What Did Fitzgerald Know and When Did He Know It? is James Taranto’s question based on a NY Times story that “hints at the possibility of prosecutorial misconduct in the Valerie Plame” case.  He quotes:

An enduring mystery of the C.I.A. leak case has been solved in recent days, but with a new twist: Patrick J. Fitzgerald, the prosecutor, knew the identity of the leaker from his very first day in the special counsel's chair, but kept the inquiry open for nearly two more years before indicting I. Lewis Libby Jr., Vice President Dick Cheney's former chief of staff, on obstruction charges.

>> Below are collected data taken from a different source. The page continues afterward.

Lemma cnf_rigid k : k < n ->
  forall f : wcar (cnf D d s (S k) m) -> wcar (cnf D d s (S k) m), strict_mono f ->
  (forall a, exists a', f (inl a) = inl a') /\ (forall r, exists r', f (inr r) = inr r').
Proof.
  intro hk. apply (wsum_rigid (wmuln (block k) (s k)) (cnf D d s k m) (cnf_lower k)).
  - exact (wf_inflationary _ (wf_cnf (S k))).
  - apply left_unabsorbing_cnf; lia.
  - intros [j u]. destruct (cnf_lower_embeds_above k hk u) as [g [hg ha]].
    exists (fun e => (j, g e)). split.
    + intros x y h. right. split; [reflexivity|apply hg, h].
    + intro e. right. split; [reflexivity|apply ha].
Qed.

Lemma copies_cnf k : k <= n ->
  po_iso (copiesPO (cnf D d s k m)) (prodPO (cnf_index k s) (fun p => copiesPO (block (fst (proj1_sig p))))).
Proof.
  induction k as [|k IH]; intro hk.
  - apply copies_wfin_empty_prod. intros [[i j] [h _]]. simpl in h. lia.
  - eapply po_iso_trans; [apply copies_wsum, cnf_rigid; lia|].
    eapply po_iso_trans; [apply po_iso_prod2; [|apply IH; lia]|].
    + apply copies_wmuln, (wmuln_rigid _ (omega_zero _) (block_embeds_above k ltac:(lia))).
      * exact (wf_inflationary _ (wf_block k)).
      * exact (wf_inflationary _ (wf_wmuln _ _ (wf_block k))).
    + apply po_iso_sym, (prodPO_cnf_index_succ (fun i => copiesPO (block i))).
Qed.
End CantorNormalForm.

Section Separative.
Variable P : preord.
Hypothesis Hrefl : forall x, ple P x x.
Hypothesis Htrans : forall x y z, ple P x y -> ple P y z -> ple P x z.

Lemma smle_refl x : smle P x x.
Proof. intros r hr. exists r. split; auto. Qed.

Lemma smle_trans x y z : smle P x y -> smle P y z -> smle P x z.
Proof.
  intros h1 h2 r hr. destruct (h1 r hr) as [t [t1 t2]].
  destruct (h2 t t2) as [u [u1 u2]]. exists u. split; [exact (Htrans _ _ _ u1 t1)|exact u2].
Qed.

Definition sq_class (p : pcar P) : pcar (sqPO P) :=
  exist _ (fun q => smle P p q /\ smle P q p) (ex_intro _ p (fun q => iff_refl _)).

Lemma sq_class_surj (C : pcar (sqPO P)) : exists p, C = sq_class p.
Proof.
  destruct (proj2_sig C) as [p Hp]. exists p. apply sig_eq, functional_extensionality.
  intro q. apply propositional_extensionality, Hp.
Qed.

Lemma sq_class_eq p q : sq_class p = sq_class q <-> smle P p q /\ smle P q p.
Proof.
  split.
  - intro E. assert (Hq : proj1_sig (sq_class q) p) by (rewrite <- E; split; apply smle_refl).
    destruct Hq as [h1 h2]. split; assumption.
  - intros [h1 h2]. apply sig_eq, functional_extensionality. intro r.
    apply propositional_extensionality. simpl.
    split; intros [h3 h4]; split; eapply smle_trans; eassumption.
Qed.

Lemma sq_class_le p q : ple (sqPO P) (sq_class p) (sq_class q) <-> smle P p q.
Proof.
  split.
  - intros [p' [q' [[hp _] [[_ hq] h]]]]. eauto using smle_trans.
  - intro h. exists p, q. repeat split; auto using smle_refl.
Qed.

Lemma sqPO_antisym C C' : ple (sqPO P) C C' -> ple (sqPO P) C' C -> C = C'.
Proof.
  destruct (sq_class_surj C) as [p ->], (sq_class_surj C') as [q ->].
  rewrite !sq_class_le. intros h1 h2. apply sq_class_eq. auto.
Qed.
(* The growth function $g_M:\mathbb{N}_+\to\mathbb{N}$ of every multiway system $M$ is primitive recursive.
   Context: A (string-based) multiway system is a triple $M=(R,s_{\text{init}},\Sigma)$ with $\Sigma$ a finite alphabet, $R$ a finite set of string replacement rules $r\to t$ ($r,t\in\Sigma^*$), and $s_{\text{init}}\in\Sigma^*$. Its states graph has as vertices the strings reachable from $s_{\text{init}}$, with an edge $u\to v$ whenever $v$ arises from $u$ by replacing one occurrence of some rule's left side by its right side. The growth function $g_M(n)$ is the number of states whose shortest-path distance from $s_{\text{init}}$ equals $n-1$ (i.e. the number of new states first appearing in generation $n$). *)

From mathcomp Require Import all_boot.
Set Implicit Arguments. Unset Strict Implicit. Unset Printing Implicit Defensive.

Definition vcons k (a : nat) (x : 'I_k -> nat) : 'I_k.+1 -> nat :=
  fun i => match unlift ord0 i with Some j => x j | None => a end.

Definition vtail k (v : 'I_k.+1 -> nat) : 'I_k -> nat :=
  fun i => v (lift ord0 i).

(* primitive recursion: f(0, x) = g x, f(n+1, x) = h(n, f(n, x), x) *)
Definition prec k (g : ('I_k -> nat) -> nat) (h : ('I_k.+2 -> nat) -> nat)
  (v : 'I_k.+1 -> nat) : nat :=
  nat_rec (fun _ => nat) (g (vtail v))
    (fun n acc => h (vcons n (vcons acc (vtail v)))) (v ord0).

Inductive PR : forall k : nat, (('I_k -> nat) -> nat) -> Prop :=
| PR_zero : PR (fun _ : 'I_0 -> nat => 0)
| PR_succ : PR (fun v : 'I_1 -> nat => (v ord0).+1)
| PR_proj k (i : 'I_k) : PR (fun v : 'I_k -> nat => v i)
| PR_comp k m (g : ('I_m -> nat) -> nat) (hs : 'I_m -> ('I_k -> nat) -> nat) :
    PR g -> (forall j, PR (hs j)) ->
    PR (fun v : 'I_k -> nat => g (fun j => hs j v))
| PR_rec k (g : ('I_k -> nat) -> nat) (h : ('I_k.+2 -> nat) -> nat) :
    PR g -> PR h -> PR (prec g h).

Definition prim_rec1 (f : nat -> nat) : Prop :=
  exists F : ('I_1 -> nat) -> nat, PR F /\ forall n, F (fun _ => n) = f n.

Section Multiway.
Variable Sigma : finType.
Variable R : seq (seq Sigma * seq Sigma).
Variable s_init : seq Sigma.

Definition mw_step (u v : seq Sigma) : Prop :=
  exists r t x y, (r, t) \in R /\ u = x ++ r ++ y /\ v = x ++ t ++ y.

Fixpoint reach_in (n : nat) (w : seq Sigma) : Prop :=
  match n with
  | 0 => w = s_init
  | n'.+1 => exists u, reach_in n' u /\ mw_step u w
  end.

Definition at_distance (d : nat) (w : seq Sigma) : Prop :=
  reach_in d w /\ forall d', d' < d -> ~ reach_in d' w.

Definition growth_is (n c : nat) : Prop :=
  exists l : seq (seq Sigma),
    [/\ uniq l, (forall w, w \in l <-> at_distance n.-1 w) & size l = c].

End Multiway.

From mathcomp Require Import all_boot zify.
From Stdlib Require Import FunctionalExtensionality.
Set Implicit Arguments. Unset Strict Implicit. Unset Printing Implicit Defensive.

(* Strings over Sigma are coded by bijective base-#|Sigma| numerals, and finite
   sets of codes by bitmasks.  A rewriting step lengthens a string by at most the
   longest right-hand side, so all states reachable in d steps have codes below
   an explicit bound; hence the bitmask of the states reachable in exactly d
   steps is computed by primitive recursion on d, each step being a bounded
   search for the decomposition u = x r y, and g(n) counts the codes that lie
   in the (n-1)-th mask but in no earlier one.  Primitive recursiveness is
   obtained through a small language of terms (variables, zero, successor,
   iteration), every term of which denotes a primitive recursive function. *)

Lemma PR_ext k (f g : ('I_k -> nat) -> nat) : PR f -> f =1 g -> PR g.
Proof. by move=> Pf /functional_extensionality <-. Qed.

Lemma vcons0 k a (x : 'I_k -> nat) : vcons a x ord0 = a.
Proof. by rewrite /vcons unlift_none. Qed.

Lemma vconsS k a (x : 'I_k -> nat) i : vcons a x (lift ord0 i) = x i.
Proof. by rewrite /vcons liftK. Qed.

Lemma vtail_vcons k a (x : 'I_k -> nat) : vtail (vcons a x) = x.
Proof. by apply: functional_extensionality => i; rewrite /vtail vconsS. Qed.

Lemma PR_const0 k : PR (fun _ : 'I_k -> nat => 0).
Proof. by apply: (@PR_comp k 0 (fun _ => 0) (fun _ _ => 0)); [exact: PR_zero | case]. Qed.

Inductive expr : Type :=
| EVar of nat
| EZero
| ESucc of expr
| EIter of expr & expr & expr.

Definition scons (a : nat) (env : nat -> nat) : nat -> nat :=
  fun i => if i is i'.+1 then env i' else a.

Definition tail (env : nat -> nat) : nat -> nat := fun i => env i.+1.

(* In [EIter n z s], the body [s] sees the counter as variable 0 and the
   accumulator as variable 1. *)
Fixpoint eval (env : nat -> nat) (e : expr) : nat :=
  match e with
  | EVar i => env i
  | EZero => 0
  | ESucc a => (eval env a).+1
  | EIter n z s =>
      iteri (eval env n) (fun j acc => eval (scons j (scons acc env)) s) (eval env z)
  end.

Definition ext k (v : 'I_k -> nat) : nat -> nat :=
  fun i => if insub i is Some j then v j else 0.

Lemma ext_vcons k a (v : 'I_k -> nat) : ext (vcons a v) = scons a (ext v).
Proof.
apply: functional_extensionality => -[|i] /=.
  by rewrite /ext insubT //= -[RHS](vcons0 a v); congr vcons; apply: val_inj.
rewrite /ext; case: (ltnP i k) => [lt_ik | le_ki].
  rewrite (insubT (fun j => j < k.+1) (lt_ik : i.+1 < k.+1)) insubT /=.
  by rewrite -(vconsS a v); congr vcons; apply: val_inj.
by rewrite !insubF // ltnNge ?ltnS le_ki.
Qed.

Lemma PR_eval e k : PR (fun v : 'I_k -> nat => eval (ext v) e).
Proof.
elim: e k => [i | | a IHa | n IHn z IHz s IHs] k /=.
- case: (ltnP i k) => [lt_ik | le_ki].
    apply: PR_ext (PR_proj (Ordinal lt_ik)) _ => v.
    by rewrite /ext insubT /=; congr v; apply: val_inj.
  apply: PR_ext (PR_const0 k) _ => v.
  by rewrite /ext insubF // ltnNge le_ki.
- exact: PR_const0.
- exact: (@PR_comp k 1 _ (fun _ => _) PR_succ (fun _ => IHa k)).
- have Pvcons j : PR (fun v : 'I_k -> nat => vcons (eval (ext v) n) v j).
    by rewrite /vcons; case: (unlift ord0 j) => [i|]; [exact: PR_proj | exact: IHn].
  apply: PR_ext (PR_comp (PR_rec (IHz k) (IHs k.+2)) Pvcons) _ => v.
  rewrite /prec vtail_vcons vcons0.
  by elim: (eval (ext v) n) => //= j ->; rewrite !ext_vcons.
Qed.

Definition upren (sigma : nat -> nat) : nat -> nat :=
  fun i => if i is i'.+1 then (sigma i').+1 else 0.

Fixpoint ren (sigma : nat -> nat) (e : expr) : expr :=
  match e with
  | EVar i => EVar (sigma i)
  | EZero => EZero
  | ESucc a => ESucc (ren sigma a)
  | EIter n z s => EIter (ren sigma n) (ren sigma z) (ren (upren (upren sigma)) s)
  end.

Lemma eval_ren e sigma env : eval env (ren sigma e) = eval (env \o sigma) e.
Proof.
elim: e sigma env => [i | | a IHa | n IHn z IHz s IHs] sigma env //=; first by rewrite IHa.
rewrite IHn IHz; apply: eq_iteri => j acc; rewrite IHs; congr eval.
by apply: functional_extensionality => -[|[|i]].
Qed.

Definition expressible (f : (nat -> nat) -> nat) : Prop :=
  exists e, forall env, eval env e = f env.

Lemma PR_expressible f k : expressible f -> PR (fun v : 'I_k -> nat => f (ext v)).
Proof. by move=> [e Ee]; apply: PR_ext (PR_eval e k) _ => v. Qed.

Lemma expressible_ext f g : expressible f -> f =1 g -> expressible g.
Proof. by move=> [e Ee] fg; exists e => env; rewrite Ee fg. Qed.

Lemma expressible_var i : expressible (fun env => env i).
Proof. by exists (EVar i). Qed.
(* Let $\mathcal{R},\mathcal{R}'$ be finite sets with $|\mathcal{R}|=|\mathcal{R}'|$, let $\mathcal{A}$ be a finite set of attributes, for each $a\in\mathcal{A}$ let $\mathcal{V}_a$ be a finite set and $\rho_a\in[0,1)$, and let $\mathcal{V}=\mathcal{V}'=\prod_{a\in\mathcal{A}}\mathcal{V}_a$. Then retention-replacement perturbation with retention probabilities $\rho_a$ is a $Pk$-anonymization for $$k=1+(|\mathcal{R}|-1)\prod_{a\in\mathcal{A}}\left(\frac{1-\rho_a}{1+(|\mathcal{V}_a|-1)\rho_a}\right)^2.$$
   Context: A table on $(\mathcal{R},\mathcal{V})$ is a map $\mathcal{R}\to\mathcal{V}$; $\mathcal{T}$, $\mathcal{T}'$ denote the sets of tables on $(\mathcal{R},\mathcal{V})$ and $(\mathcal{R}',\mathcal{V}')$. For sets $X,Y$, $X\to Y$ is the set of maps $X\to Y$. A privacy mechanism is $(\mathcal{R},\mathcal{V},\mathcal{R}',\mathcal{V}',\Pi,\Delta)$ with $\Pi$ uniformly distributed over bijections $\mathcal{R}\to\mathcal{R}'$ and $\Delta$ a random variable in $\mathcal{T}\to(\mathcal{R}\to\mathcal{V}')$; it is a privacy mechanism from $T$ to $T'$ if $T,\Pi,\Delta$ are mutually independent and $\Delta(T)=T'\circ\Pi$. Retention-replacement perturbation is the mechanism in which, for every $\tau\in\mathcal{T}$, the values $(\Delta(\tau))(r)$, $r\in\mathcal{R}$, are independent and $\Pr[(\Delta(\tau))(r)=v']=\prod_{a\in\mathcal{A}}(A_a)_{\tau(r)_a,v'_a}$ (where $w_a$ is the $a$-component of $w$), with $(A_a)_{x,y}=\rho_a+\frac{1-\rho_a}{|\mathcal{V}_a|}$ if $x=y$ and $(A_a)_{x,y}=\frac{1-\rho_a}{|\mathcal{V}_a|}$ otherwise. $(\Delta,\tau')$ is $Pk$-anonymous if for all random variables $T,T'$ such that $\Delta$ is a privacy mechanism from $T$ to $T'$ and all $r\in\mathcal{R},r'\in\mathcal{R}'$, $\Pr[\Pi(r)=r'\mid T'=\tau']\le1/k$; $\Delta$ is a $Pk$-anonymization if $(\Delta,\tau')$ is $Pk$-anonymous for every $\tau'\in\mathcal{T}'$ for which some $\tau\in\mathcal{T}$ has $\Pr[\Delta(\tau)=\tau'\circ\Pi]\ne0$. *)

From mathcomp Require Import all_boot all_order all_algebra.
Set Implicit Arguments. Unset Strict Implicit. Unset Printing Implicit Defensive.
Import Order.TTheory GRing.Theory Num.Theory.
Local Open Scope ring_scope.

This national story is of keen interest here in Chicago, where Fitzgerald has been wielding a mighty swift sword of Justice Dept. anti-corruption activity.  Now, says NYT, there is “rich debate” about how he handled the Plame-leak business. 

Some say he “behaved much as did the independent counsels of the 1980's and 1990's who often failed to bring down their quarry on official misconduct charges but pursued highly nuanced accusations of a cover-up,” says NYT.

Armitage the Leaker would have resigned when he saw the Novak column that set things percolating, knowing he had goofed, but didn’t because it would have blown his cover.  He didn’t even tell Bush, after huddling with Colin Powell and the head State Dept. lawyer with the historic name of William H. (my guess it’s for Howard) Taft IV.

He kept Bush in the dark “because [Fitzgerald] asked him not to divulge it,” says NYT, blind-sourcing.  Taranto is not pleased:

It seems that Fitzgerald and the State Department covered up a noncrime, and the effect was to keep alive the illusion that it was a crime. We won't speculate about the prosecutor's motives, but the more we hear about the case, the clearer it is that the whole thing stinks.